Obtain a graph of all the Variables short names

The Provenience monad

type ProvenienceT alt m a = StateT (VariableStore alt) m (Variable a) Source #

A Monad transformer that keeps track of data dependencies

(<%>) :: Monad m => ProvenienceT alt m (a -> b) -> Variable a -> ProvenienceT alt m b infixl 4 Source #

Applicative-style application operator. Replaces the function Variable with its (partial) application and creates an edge from the argument to the result Variable that is labeled with the function description.

f <- func succ (renderDefault "successor")
x <- input (5 :: Int)
y <- pure f <%> x
x <? renderDefault "input data"
y <? renderDefault "The successor of 5"
render y

The above creates the following graph.

"input data"  "successor"  "The successor of 5"
     5        ----------->        6

If you want to re-use a function in several applications then bind f to the Provenience action rather the Variable like below.

let f = func succ (renderDefault "successor")
x <- input (5 :: Int)
y <- f <%> x
z <- f <%> y

(<%%>) :: Monad m => ProvenienceT alt m (a -> m b) -> Variable a -> ProvenienceT alt m b infixl 4 Source #

Like above but permit side-effects in the base monad.

runProvenienceT :: Monad m => ProvenienceT alt m a -> Node -> m ((a, VariableStore alt), Node) Source #

Run the Provenience monad and return the value of the result variable together with the VariableStore and its next unused Node. Initialize the VariableStore with an empty graph and start with the given Node identifier.
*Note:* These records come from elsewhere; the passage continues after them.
(* Let $\mathbf{m}$ be diagonal with strictly positive diagonal, fix a realization of $\mathbf{R}$, and let $\hat b=(\mathbf{x}'\mathbf{m}\mathbf{R}\mathbf{x})^{+}\mathbf{x}'\mathbf{m}\mathbf{R}y$. Define the missing imputed estimator $\hat\mu^{MI}=\frac1n\mathbf{1}'\big(I_{kn}-(\mathbf{R}-I_{kn})\mathbf{x}(\mathbf{x}'\mathbf{m}\mathbf{R}\mathbf{x})^{+}\mathbf{x}'\mathbf{m}\big)\mathbf{R}y$ and the generalized regression estimator $\hat\mu^{GR}=\frac1n\mathbf{1}'\pi^{-1}\mathbf{R}y-\big(\frac1n\mathbf{1}'\pi^{-1}\mathbf{R}-\frac1n\mathbf{1}'\big)\mathbf{x}\hat b$. If there exists $\mathbf{t}\in\mathbb{R}^{(k+p)\times k}$ with $\mathbf{R}\mathbf{m}\mathbf{x}\mathbf{t}=\mathbf{R}(I_{kn}-\pi^{-1})\mathbf{1}$, then $\hat\mu^{MI}=\hat\mu^{GR}$.
   Context: $k$ arms, $n$ units, $p$ covariates. $y\in\mathbb{R}^{kn}$ stacks potential outcomes of the $k$ arms. $\mathbf{R}$ is the $kn\times kn$ diagonal matrix of assignment indicators (ordered arm by arm), $\pi=\mathrm{E}[\mathbf{R}]$ with entries in $(0,1)$. $\mathbf{1}=I_k\otimes1_n$; $\mathbf{x}=[\mathbf{1}\mid1_k\otimes X]$ for a covariate matrix $X\in\mathbb{R}^{n\times p}$; $A^+$ is the Moore–Penrose inverse. *)

From HB Require Import structures.
From mathcomp Require Import all_boot all_order all_algebra.
Set Implicit Arguments. Unset Strict Implicit. Unset Printing Implicit Defensive.
Import Order.TTheory GRing.Theory Num.Theory.
Local Open Scope ring_scope.

(* Indices of R^{kn}: index (a, u) (arm a, unit u) is mxvec_index a u = a*n + u,
   i.e. ordered arm by arm. *)

(* Moore--Penrose inverse (over a real field the adjoint is the transpose):
   B is the Moore--Penrose inverse of A iff the four Penrose equations hold. *)
Definition is_MP_inverse (F : realFieldType) (r c : nat)
  (A : 'M[F]_(r, c)) (B : 'M[F]_(c, r)) : Prop :=
  [/\ A *m B *m A = A, B *m A *m B = B,
      (A *m B)^T = A *m B & (B *m A)^T = B *m A].

(* bold 1 = I_k (x) 1_n : a (k n) x k matrix *)
Definition bone (F : ringType) (k n : nat) : 'M[F]_(k * n, k) :=
  \matrix_(i, c) (mxvec (\matrix_(a < k, u < n) ((a == c)%:R : F))) 0 i.

(* 1_k (x) X : a (k n) x p matrix *)
Definition kronX (F : ringType) (k n p : nat) (X : 'M[F]_(n, p)) : 'M[F]_(k * n, p) :=
  \matrix_(i, j) (mxvec (\matrix_(a < k, u < n) X u j)) 0 i.

Definition bigx (F : ringType) (k n p : nat) (X : 'M[F]_(n, p)) : 'M[F]_(k * n, k + p) :=
  row_mx (bone F k n) (kronX k X).

From HB Require Import structures.
From mathcomp Require Import all_boot all_order all_algebra.
Import Order.TTheory GRing.Theory Num.Theory.
Set Implicit Arguments.
Unset Strict Implicit.
Unset Printing Implicit Defensive.

Local Open Scope ring_scope.

(* Write W := m R, a nonnegative diagonal weight, and D := 1'(I - pi^-1) R.
   Both estimators differ from each other by n^-1 (D y - D x b), and the
   hypothesis on t says D = t' x' W.  For a generalized inverse P of the
   weighted Gram matrix x' W x one has x' W x P x' W = x' W (the rows of
   x' W - x' W x P x' W lie in the kernel of the semidefinite form W), so
   D x b = t' x' W x P x' W y = t' x' W y = D y. *)

Lemma mx_diag_gram_eq0 (F : realFieldType) (m r : nat)
    (G : 'M[F]_(m, r)) (w : 'rV[F]_r) :
  (forall i, 0 <= w 0 i) -> G *m diag_mx w *m G^T = 0 -> G *m diag_mx w = 0.
Proof.
move=> w_ge0 gram0; apply/matrixP => j i; rewrite mul_mx_diag !mxE.
have term_ge0 l : true -> 0 <= (G *m diag_mx w) j l * G^T l j.
  by move=> _; rewrite mul_mx_diag !mxE mulrAC -expr2 mulr_ge0 ?sqr_ge0.
have diag0 := congr1 (fun N : 'M[F]_m => N j j) gram0; rewrite !mxE in diag0.
have := psumr_eq0P term_ge0 diag0 (i := i) isT.
rewrite mul_mx_diag !mxE => term0.
have : (G j i * w 0 i) * (G j i * w 0 i) == 0 by rewrite mulrA term0 mul0r.
by rewrite mulf_eq0 orbb => /eqP.
Qed.

Lemma mulmx_wgram_ginv (F : realFieldType) (r c : nat)
    (A : 'M[F]_(r, c)) (w : 'rV[F]_r) (P : 'M[F]_c) :
  (forall i, 0 <= w 0 i) ->
  let M := A^T *m diag_mx w *m A in
  M *m P *m M = M -> M *m P *m (A^T *m diag_mx w) = A^T *m diag_mx w.
Proof.
move=> w_ge0 M MPM; set G := A^T - M *m P *m A^T.
have GWA0 : G *m diag_mx w *m A = 0.
  rewrite /G !mulmxBl.
  have -> : M *m P *m A^T *m diag_mx w *m A = M *m P *m M by rewrite /M !mulmxA.
  by rewrite MPM subrr.
have GWG0 : G *m diag_mx w *m G^T = 0.
  rewrite {2}/G linearB /= trmx_mul trmxK mulmxBr !mulmxA.
  by rewrite GWA0 !mul0mx subrr.
apply/eqP; rewrite eq_sym -subr_eq0 mulmxA -mulmxBl.
by rewrite (mx_diag_gram_eq0 w_ge0 GWG0).
Qed.

Lemma subrBB_eq (V : zmodType) (a b c d e : V) :
  a - d = b - e -> a - (b - c) = d - (e - c).
Proof.
by move=> h; rewrite !opprB addrCA -[a - b](subrKA d) h (addrC (b - e)) subrKA addrCA.
Qed.

Lemma imputed_eq_regression (R : pzRingType) (q r m s : nat) (c : R)
    (o : 'M[R]_(q, r)) (Pi W : 'M[R]_r) (x : 'M[R]_(r, m)) (B : 'M[R]_(m, r))
    (y : 'M[R]_(r, s)) :
  o *m (1%:M - Pi) *m W *m y = o *m (1%:M - Pi) *m W *m x *m (B *m W *m y) ->
  c *: (o *m (1%:M - (W - 1%:M) *m x *m B) *m W *m y)
  = c *: (o *m Pi *m W *m y) - (c *: (o *m Pi *m W) - c *: o) *m x *m (B *m W *m y).
Proof.
rewrite -scalerBr -!scalemxAl -scalerBr => Dy; congr (_ *: _).
move: Dy; rewrite !(mulmxBr, mulmxBl, mulmx1, mul1mx, mulmxA).
exact: subrBB_eq.
Qed.

Theorem mainTheorem9 (F : realFieldType) (k n p : nat)
  (X : 'M[F]_(n, p)) (y : 'cV[F]_(k * n))
  (Rv piv mv : 'rV[F]_(k * n))
  (HR01 : forall i, Rv 0 i = 0 \/ Rv 0 i = 1)
  (HRone : forall u : 'I_n, \sum_(a < k) Rv 0 (mxvec_index a u) = 1)
  (Hpi : forall i, 0 < piv 0 i < 1)
  (Hm : forall i, 0 < mv 0 i)
  (Pinv : 'M[F]_(k + p, k + p))
  (HPinv : is_MP_inverse
             ((bigx k X)^T *m diag_mx mv *m diag_mx Rv *m bigx k X) Pinv)
  (t : 'M[F]_(k + p, k))
  (Ht : diag_mx Rv *m diag_mx mv *m bigx k X *m t
        = diag_mx Rv *m (1%:M - invmx (diag_mx piv)) *m bone F k n) :
  let Rm := diag_mx Rv in
  let mm := diag_mx mv in
  let pim1 := invmx (diag_mx piv) in
  let x := bigx k X in
  let one := bone F k n in
  let bhat := Pinv *m x^T *m mm *m Rm *m y in
  let muMI := n%:R^-1 *: (one^T *m (1%:M - (Rm - 1%:M) *m x *m Pinv *m x^T *m mm)
                               *m Rm *m y) in
  let muGR := n%:R^-1 *: (one^T *m pim1 *m Rm *m y)
              - (n%:R^-1 *: (one^T *m pim1 *m Rm) - n%:R^-1 *: one^T) *m x *m bhat in
  muMI = muGR.
Proof.
move=> Rm mm pim1 x one bhat muMI muGR.
set w := \row_i (mv 0 i * Rv 0 i).
have w_ge0 i : 0 <= w 0 i.
  by rewrite mxE; case: (HR01 i) => ->; rewrite ?mulr0 ?mulr1 // ltW.
have eW : x^T *m mm *m Rm = x^T *m diag_mx w by rewrite -mulmxA mulmx_diag.
have [MPM _ _ _] := HPinv; rewrite -/x -/mm -/Rm eW in MPM.
have absorb : x^T *m mm *m Rm *m x *m Pinv *m (x^T *m mm *m Rm) = x^T *m mm *m Rm.
  by rewrite eW; apply: mulmx_wgram_ginv.
have D_tr : one^T *m (1%:M - pim1) *m Rm = t^T *m (x^T *m mm *m Rm).
  have := congr1 trmx Ht; rewrite !trmx_mul !tr_diag_mx linearB /= trmx_inv.
  by rewrite tr_diag_mx !trmx1 !mulmxA => ->.
rewrite /muMI /muGR /bhat -(mulmxA _ Pinv) -(mulmxA _ (Pinv *m x^T)).
apply: imputed_eq_regression.
by rewrite D_tr -{1}absorb !mulmxA.
Qed.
execProvenienceT :: Monad m => ProvenienceT alt m a -> Node -> m (VariableStore alt, Node) Source #

run the Provenience monad and return the data dependency graph

execProvenience :: Provenience a -> Node -> (VariableStore (), Node) Source #

run the Provenience monad and return the data dependency graph

evalProvenienceT :: Monad m => ProvenienceT alt m a -> m a Source #

run the Provenience monad and return the resulting value.

evalProvenience :: Provenience a -> a Source #

run the Provenience monad and return the resulting value.

sequenceProvenienceT :: (Traversable t, Monad m) => t (ProvenienceT alt m a) -> m (t (a, VariableStore alt)) Source #

Run multiple ProvenienceT actions using the same pool of Nodes but returning seperate VariableStores. This is useful when several data flow graphs get embedded into the same document, where hyperlink targets must be unique.